Mengapa masih terjadi kesenjangan pelayanan kesehatan? Banyak akar permasalahannya. Pemerintah ingin mengubah sistem pendidikan kedokteran melalui RUU Kesehatan. Namun, jangan mengabaikan kualitas pendidikan kesehatan.
Oleh
OVA EMILIA
·4 menit baca
Awal 2023, Indonesia dikejutkan dengan pemberitaan meninggalnya pasien dari kepulauan terluar, Kabupaten Pangkep, Sulawesi Selatan, saat menempuh perjalanan ke rumah sakit. Menggunakan perahu selama 26-32 jam. Minimnya fasilitas kesehatan, keterbatasan dokter, dan kesenjangan pelayanan kembali menjadi isu yang mencuat.
Mengapa masih terjadi kesenjangan? Banyak akar permasalahannya. Dari keterbatasan kuota penerimaan peserta pendidikan dokter, mahalnya biaya pendidikan, rumitnya izin praktik, tidak meratanya distribusi dokter, hingga ketiadaan gaji bagi dokter praktik yang menempuh pendidikan spesialis. Semua berdampak pada macetnya produksi dan pemerataan dokter. Terjadilah ”krisis pelayanan kesehatan”.
Menurut Kementerian Kesehatan, satu-satunya jalan keluar adalah menambah jumlah dokter spesialis. Caranya dengan mengubah sistem pendidikannya melalui RUU Kesehatan (Kompas, 28/3/2023).
Berbagai organisasi profesi kesehatan membahas usulan perubahan kebijakan pendidikan dokter ini. Diskursus berkembang. Forum Dokter Peduli Ketahanan Kesehatan Bangsa bahkan menyomasi Kemenkes dengan tuduhan penyebaran disinformasi tentang penerbitan surat tanda registrasi dan izin praktik.
Data Kemenkes 2023 menyebutkan bahwa 650 (6,27 persen) puskesmas belum memiliki dokter dan 5.354 (51,85 persen) belum memiliki 9 jenis tenaga kesehatan lengkap, serta 170 (24,69 persen) RSUD kabupaten/kota belum terpenuhi 7 pelayanan dokter spesialis.
Rasio dokter dengan jumlah penduduk juga terhitung masih tinggi di angka 0,58/1.000 penduduk, sedangkan rasio dokter spesialis 0,15/1.000 penduduk, dengan rasio ideal standar WHO 1/1.000 penduduk. Pendekatan rasio sejatinya belum mampu menggambarkan krisis kekurangan dokter, apalagi ke depan ada pengembangan telehealth dan telemedicine.
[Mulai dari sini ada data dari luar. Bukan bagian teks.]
(* Let $f(t)\in\mathbb{F}_2[t]$ be an irreducible polynomial with $f(t)\neq t$ that is not self-reciprocal, and let $R_f=\mathbb{F}_2[t,t^{-1},f(t)^{-1}]$. Then the only ring automorphism of $R_f$ is the identity.
   Context: The reciprocal of a polynomial $f(t)$ of degree $m$ is $t^m f(1/t)$; $f$ is self-reciprocal if it equals its reciprocal. *)

From HB Require Import structures.
From mathcomp Require Import all_boot all_order all_algebra.
From mathcomp Require Import fraction.
Set Implicit Arguments. Unset Strict Implicit. Unset Printing Implicit Defensive.
Import GRing.Theory.
Local Open Scope ring_scope.


(* The reciprocal t^m f(1/t) of a polynomial f of degree m (size f = m+1). *)
Definition reciprocal (f : {poly 'F_2}) : {poly 'F_2} :=
  \poly_(i < size f) f`_(size f - 1 - i).

Definition self_reciprocal (f : {poly 'F_2}) : Prop := reciprocal f = f.

Definition inRf (f : {poly 'F_2}) (x : {fraction {poly 'F_2}}) : Prop :=
  exists (p : {poly 'F_2}) (a b : nat),
    x = tofrac p / tofrac ('X ^+ a * f ^+ b).

Definition is_ring_aut_Rf (f : {poly 'F_2})
    (phi : {fraction {poly 'F_2}} -> {fraction {poly 'F_2}}) : Prop :=
  (forall x, inRf f x -> inRf f (phi x)) /\
  (forall x y, inRf f x -> inRf f y -> phi (x + y) = phi x + phi y) /\
  (forall x y, inRf f x -> inRf f y -> phi (x * y) = phi x * phi y) /\
  phi 1 = 1 /\
  (forall x y, inRf f x -> inRf f y -> phi x = phi y -> x = y) /\
  (forall y, inRf f y -> exists2 x, inRf f x & phi x = y).

From HB Require Import structures.
From mathcomp Require Import all_boot all_order all_algebra.
From mathcomp Require Import fraction.
From mathcomp Require Import zify ring.
Set Implicit Arguments. Unset Strict Implicit. Unset Printing Implicit Defensive.
Import GRing.Theory.
Local Open Scope ring_scope.

(* An automorphism phi of R_f permutes the units, which are the monomials
   t^i f^j, so phi t = t^a f^b and phi f = t^c f^d with an exponent matrix
   invertible over Z.  Write t^a f^b = A / B with coprime monomials A, B in t
   and f.  Applying phi to f gives B^m f(A/B) = B^m t^c f^d, m = deg f.  As
   f(0) and f(1) are nonzero, the left side is a polynomial with nonzero
   constant term and degree m * max(deg A, deg B); comparing orders at 0 and
   degrees determines c and d, and unimodularity then leaves either phi t = t,
   whence phi = id, or phi t = 1/t and phi f = t^-m f, which says that f is
   self-reciprocal. *)

Lemma F2_eq0_or1 (x : 'F_2) : x = 0 \/ x = 1.
Proof. by case: x => [[|[|//]] Hi]; [left|right]; apply: val_inj. Qed.

Lemma F2_neq0 (x : 'F_2) : x != 0 -> x = 1.
Proof. by case: (F2_eq0_or1 x) => ->; rewrite ?eqxx. Qed.

Lemma F2_monic (p : {poly 'F_2}) : p != 0 -> p \is monic.
Proof. by move=> p0; apply/monicP/F2_neq0; rewrite lead_coef_eq0. Qed.

Lemma F2_poly_unit (p q : {poly 'F_2}) : p * q = 1 -> p = 1.
Proof.
move=> pq1; have : p \is a GRing.unit by apply/unitrPr; exists q.
by rewrite poly_unitE => /andP[/size_poly1P[c /F2_neq0 -> ->] _].
Qed.

Lemma F2_irredp_root (f : {poly 'F_2}) c :
  irreducible_poly f -> root f c -> f = 'X - c%:P.
Proof.
move=> firr fc; apply/esym/eqP.
rewrite -eqp_monic ?monicXsubC ?F2_monic ?(irredp_neq0 firr) //.
by apply: (apply_irredp firr); rewrite ?size_XsubC ?dvdp_XsubCl.
Qed.

Lemma reciprocal_XsubC1 : reciprocal ('X - 1%:P : {poly 'F_2}) = 'X - 1%:P.
Proof.
rewrite /reciprocal size_XsubC; apply/polyP=> i; rewrite coef_poly.
case: i => [|[|i]] //=; rewrite !coefB !coefX !coefC //=.
all: rewrite ?subr0 ?sub0r ?subrr //; by apply/val_inj.
Qed.

Lemma irredp_root0 (f : {poly 'F_2}) :
  irreducible_poly f -> f != 'X -> ~~ root f 0.
Proof.
by move=> firr; apply: contra_neqN => /(F2_irredp_root firr) ->; rewrite subr0.
Qed.

Lemma irredp_root1 (f : {poly 'F_2}) :
  irreducible_poly f -> ~ self_reciprocal f -> ~~ root f 1.
Proof.
move=> firr fnsr; apply/negP => /(F2_irredp_root firr) f1.
by apply: fnsr; rewrite /self_reciprocal f1 reciprocal_XsubC1.
Qed.

Lemma irredp_dvdpM (R : fieldType) (g p q : {poly R}) :
  irreducible_poly g -> g %| p * q -> (g %| p) || (g %| q).
Proof.
move=> ig; have [//|gNp] := boolP (g %| p).
by rewrite -(irreducible_poly_coprime _ ig) in gNp; rewrite Gauss_dvdpr.
Qed.

Lemma irredp_mul_split (R : fieldType) (g p q r : {poly R}) :
  irreducible_poly g -> p * q = r * g ->
  (exists2 p', p = p' * g & p' * q = r) \/ (exists q', p * q' = r).
Proof.
move=> ig pqE; have g0 := irredp_neq0 ig.
have /(irredp_dvdpM ig)/orP[/dvdpP[p' pE] | /dvdpP[q' qE]] : g %| p * q.
- by rewrite pqE dvdp_mull.
- by left; exists p' => //; apply: (mulIf g0); rewrite -pqE pE mulrAC.
- by right; exists q'; apply: (mulIf g0); rewrite -pqE qE mulrA.
Qed.

Lemma F2_dvd_irredp_powM (g h p q : {poly 'F_2}) (N M : nat) :
  irreducible_poly g -> irreducible_poly h ->
  p * q = g ^+ N * h ^+ M -> exists i j, p = g ^+ i * h ^+ j.
Proof.
move=> ig ih; elim: N M p q => [|N IHN] M.
  elim: M => [|M IHM] p q.
    by rewrite mulr1 => /F2_poly_unit ->; exists 0%N, 0%N; rewrite mulr1.
  rewrite exprSr mulrA => /(irredp_mul_split ih)[[p' -> /IHM[i [j ->]]] | [q' /IHM//]].
  by exists i, j.+1; rewrite exprSr mulrA.
move=> p q; rewrite exprSr mulrAC.
case/(irredp_mul_split ig) => [[p' -> /IHN[i [j ->]]] | [q' /IHN//]].
by exists i.+1, j; rewrite exprSr mulrAC.
Qed.

Lemma tofrac_inj (R : idomainType) : injective (@tofrac R).
Proof. by move=> p q /eqP; rewrite tofrac_eq => /eqP. Qed.

Lemma int_split (x : int) :
  exists i1 i2 : nat, x = i1%:Z - i2%:Z /\ (i1 = 0 \/ i2 = 0)%N.
Proof.
case: x => n; first by exists n, 0%N; split; [rewrite subr0 | right].
by exists 0%N, n.+1; split; [rewrite NegzE sub0r | left].
Qed.

Lemma int_unit (x y : int) : x * y = 1 -> x = 1 \/ x = -1.
Proof.
move=> h; have := @intUnitRing.unitzPl x y; rewrite mulrC => /(_ h).
by rewrite qualifE => /orP [] /eqP; [left|right].
Qed.

Lemma int_pm1 (x y : int) : x * y = 1 \/ x * y = -1 -> x = 1 \/ x = -1.
Proof.
case=> [/int_unit //|xy]; apply: (@int_unit x (- y)).
by rewrite mulrN xy opprK.
Qed.

Lemma size_mul_pred (R : idomainType) (p q : {poly R}) : p != 0 -> q != 0 ->
  (size (p * q)).-1 = ((size p).-1 + (size q).-1)%N.
Proof.
by move=> p0 q0; rewrite size_mul // (polySpred p0) (polySpred q0) addSn addnS.
Qed.

Local Notation K := {fraction {poly 'F_2}}.
Local Notation t := (tofrac ('X : {poly 'F_2})).

Definition tfpow (f : {poly 'F_2}) (i j : int) : K := t ^ i * tofrac f ^ j.

Section Monomials.
Variable f : {poly 'F_2}.
Hypothesis f_root0 : ~~ root f 0.

Let f_neq0 : f != 0.
Proof. by apply: contraNneq f_root0 => ->; apply: root0. Qed.

Let t_neq0 : t != 0. Proof. by rewrite tofrac_eq0 polyX_eq0. Qed.
Let tf_neq0 : tofrac f != 0. Proof. by rewrite tofrac_eq0. Qed.

Lemma tfpow_neq0 i j : tfpow f i j != 0.
Proof. exact: (mulf_neq0 (expfz_neq0 _ t_neq0) (expfz_neq0 _ tf_neq0)). Qed.

Lemma tfpowD i j k l : tfpow f i j * tfpow f k l = tfpow f (i + k) (j + l).
Proof. by rewrite /tfpow (expfzDr _ _ t_neq0) (expfzDr _ _ tf_neq0) mulrACA. Qed.

Lemma tfpow00 : tfpow f 0 0 = 1.
Proof. by rewrite /tfpow !expr0z mulr1. Qed.

Lemma tfpow10 : tfpow f 1 0 = t.
Proof. by rewrite /tfpow expr1z expr0z mulr1. Qed.

Lemma tfpow01 : tfpow f 0 1 = tofrac f.
Proof. by rewrite /tfpow expr1z expr0z mul1r. Qed.

Lemma tfpowNK i j : tfpow f i j * tfpow f (- i) (- j) = 1.
Proof. by rewrite tfpowD !subrr tfpow00. Qed.

Lemma tfpowV i j : (tfpow f i j)^-1 = tfpow f (- i) (- j).
Proof. exact/mulr1_eq/tfpowNK. Qed.

Lemma t_unit : t * tfpow f (-1) 0 = 1.
Proof. by rewrite -tfpow10 tfpowNK. Qed.

Lemma tf_unit : tofrac f * tfpow f 0 (-1) = 1.
Proof. by rewrite -tfpow01 tfpowNK. Qed.

Lemma tfpowX i j (n : nat) : tfpow f i j ^+ n = tfpow f (i * n%:Z) (j * n%:Z).
Proof.
elim: n => [|n IH]; first by rewrite expr0 !mulr0 tfpow00.
by rewrite exprSr IH tfpowD -[n.+1]addn1 !PoszD !mulrDr !mulr1.
Qed.

Lemma tofrac_monom (i j : nat) : tofrac ('X ^+ i * f ^+ j) = tfpow f i j.
Proof. by rewrite rmorphM !rmorphXn. Qed.

Lemma tfpow_frac (i1 i2 j1 j2 : nat) :
  tfpow f (i1%:Z - i2%:Z) (j1%:Z - j2%:Z) =
  tofrac ('X ^+ i1 * f ^+ j1) / tofrac ('X ^+ i2 * f ^+ j2).
Proof. by rewrite !tofrac_monom tfpowV tfpowD. Qed.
Ditambah ada ketimpangan distribusi yang berdampak pada minimnya tenaga kesehatan dan medis di wilayah Indonesia timur dan juga kepulauan. Padahal, di beberapa wilayah lain berlebih. Rendahnya retensi tenaga medis dan kesehatan di sejumlah daerah akibat ketidakjelasan skema insentif, keamanan, kemudahan akses, hingga pola karier menjadikan masalah pemerataan distribusi dokter semakin pelik.
Keterbatasan kewenangan pemerintah pusat dalam pemerataan dokter seakan menggenapi kondisi krisis pelayanan kesehatan negeri ini. Pemerintah bahkan belum secara jelas menunjukkan pemetaan jumlah kebutuhan dan penempatan tenaga medis dan tenaga kesehatan di seluruh wilayah Indonesia. Kurangnya pelatihan berbasis kompetensi bagi tenaga medis dan kesehatan yang berdampak pada rendahnya kualitas pelayanan serta daya saing menambah kompleksitas pemenuhan pelayanan.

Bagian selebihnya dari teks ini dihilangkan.